▶ [Try it]: From the top of the records below, return each line exactly, ending with the line that contains "rho L (1 - q)".

*** Data to examine ***

(* A Lyusternik-Graves iteration.  From (x, z) in Gr G with residual
   |w - (f x - z)| < t L, the L-openness of f gives x' within t of x with
   f x' = w + z, and the M-openness of G at (z, x) gives z' within t / M of z
   with (z', x') in Gr G; the new residual is |z' - z| < t / M = (q t) L with
   q = (L M)^-1 < 1.  The steps shrink geometrically, so the iterates converge
   after a total displacement t / (1 - q); the closedness of Gr G and the
   continuity of f (from the Lipschitz property) give a limit with
   f x - z = w.  Starting from t (1 - q)^-1 < rho turns the residual budget
   rho L (1 - q) = rho (L - M^-1) into the claimed openness modulus. *)

Lemma dependent_choice_nat (T : Type) (P : nat -> T -> Prop)
    (Q : nat -> T -> T -> Prop) (s0 : T) :
  P 0%N s0 -> (forall n s, P n s -> exists2 s', P n.+1 s' & Q n s s') ->
  exists s : nat -> T, s 0%N = s0 /\ forall n, P n (s n) /\ Q n (s n) (s n.+1).
Proof.
move=> P0 step.
have /choice[g gP] : forall p : nat * T,
    exists s', P p.1 p.2 -> P p.1.+1 s' /\ Q p.1 p.2 s'.
  move=> [n s]; have [Pns|nPns] := pselect (P n s); last by exists s => /nPns.
  by have [s' ? ?] := step n s Pns; exists s'.
pose s := fix s n := if n is n'.+1 then g (n', s n') else s0.
have Ps n : P n (s n) by elim: n => [|n IH] //=; exact: (gP (n, s n) IH).1.
by exists s; split=> // n; split=> //; exact: (gP (n, s n) (Ps n)).2.
Qed.

Section GeometricSequences.
Context {R : realType} {V : completeNormedModType R}.
Implicit Types (s : nat -> V) (c q : R).

Lemma cvg_geometric_increments s c q : 0 <= q < 1 ->
  (forall n, `|s n.+1 - s n| <= c * q ^+ n) -> cvgn s.
Proof.
move=> /andP[q_ge0 q_lt1] s_inc.
have c_ge0 : 0 <= c by have := s_inc 0%N; rewrite expr0 mulr1; apply: le_trans.
have -> : s = (fun n => s 0%N + series (telescope s) n).
  by apply/funext => n; rewrite -eq_sum_telescope.
apply: is_cvgD; first exact: is_cvg_cst.
apply: normed_cvg.
apply: (@series_le_cvg _ _ (geometric c q)) => [n|n|n|].
- exact: normr_ge0.
- by rewrite /geometric /= mulr_ge0 ?exprn_ge0.
- exact: s_inc.
- by apply: is_cvg_geometric_series; rewrite ger0_norm.
Qed.

Lemma cvg_geometric_dist s (l : V) c q : `|q| < 1 ->
  (forall n, `|l - s n| <= c * q ^+ n) -> s @ \oo --> l.
Proof.
move=> q_lt1 s_dist; apply/cvgrPdist_le => e e_gt0.
have /cvgr0_norm_le/(_ e e_gt0) := cvg_geometric c q_lt1.
apply: filterS => n; apply: le_trans; apply: (le_trans (s_dist n)).
exact: ler_norm.
Qed.

Lemma cvg_norm_sub_le {s} {a l : V} {r : R} : s @ \oo --> l ->
  (forall n, `|s n - a| <= r) -> `|l - a| <= r.
Proof.
move=> s_l s_le.
have sa_la : `|s n - a| @[n --> \oo] --> `|l - a|.
  by apply: cvg_norm; apply: cvgB => //; exact: cvg_cst.
by rewrite -(cvg_lim _ sa_la) //; apply: limr_le; [exact: cvgP sa_la|exact: nearW].
Qed.

End GeometricSequences.

Lemma lipschitz_around_continuous_near {R : realType} {U V : normedModType R}
    {f : U -> V} {a : U} :
  lipschitz_around f a -> \forall x \near a, {for x, continuous f}.
Proof.
move=> [k [N [Na f_lip]]]; apply: filterS (nbhs_interior Na) => x Nx.
have K_gt0 : 0 < `|k| + 1 by rewrite ltr_wpDl.
apply/cvgrPdist_lt => e e_gt0; near=> y.
apply: le_lt_trans (f_lip x y (nbhs_singleton Nx) _) _; first by near: y.
apply: (@le_lt_trans _ _ ((`|k| + 1) * `|x - y|)).
  by apply: ler_wpM2r => //; apply: le_trans (ler_norm k) _; rewrite lerDl.
rewrite mulrC -ltr_pdivlMr //; near: y.
by apply/nbhs_normP; exists (e / (`|k| + 1)) => //=; rewrite divr_gt0.
Unshelve. all: by end_near. Qed.

Lemma nbhs_pair_common_ball {R : realDomainType} {U V : pseudoMetricType R}
    {a : U} {b : V} {A : set U} {B : set V} {C : set (V * U)} :
  nbhs a A -> nbhs b B -> nbhs (b, a) C ->
  exists2 d : R, 0 < d & [/\ ball a d `<=` A, ball b d `<=` B
    & forall z x, ball b d z -> ball a d x -> C (z, x)].
Proof.
move=> /nbhs_ballP[dA dA_gt0 dAP] /nbhs_ballP[dB dB_gt0 dBP] /nbhs_ballP[dC dC_gt0 dCP].
exists (Num.min dA (Num.min dB dC)); first by rewrite !lt_min dA_gt0 dB_gt0.
split=> [x|z|z x] ab_d.
- by apply/dAP/(le_ball _ ab_d); rewrite ge_min lexx.
- by apply/dBP/(le_ball _ ab_d); rewrite !ge_min lexx orbT.
- move=> ax_d; apply: (dCP (z, x)); split=> /=.
  + by apply: le_ball ab_d; rewrite !ge_min lexx !orbT.
  + by apply: le_ball ax_d; rewrite !ge_min lexx !orbT.
Qed.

*** End of Data to examine ***

▶ [Task output]:
(* A Lyusternik-Graves iteration.  From (x, z) in Gr G with residual
   |w - (f x - z)| < t L, the L-openness of f gives x' within t of x with
   f x' = w + z, and the M-openness of G at (z, x) gives z' within t / M of z
   with (z', x') in Gr G; the new residual is |z' - z| < t / M = (q t) L with
   q = (L M)^-1 < 1.  The steps shrink geometrically, so the iterates converge
   after a total displacement t / (1 - q); the closedness of Gr G and the
   continuity of f (from the Lipschitz property) give a limit with
   f x - z = w.  Starting from t (1 - q)^-1 < rho turns the residual budget
   rho L (1 - q) = rho (L - M^-1) into the claimed openness modulus. *)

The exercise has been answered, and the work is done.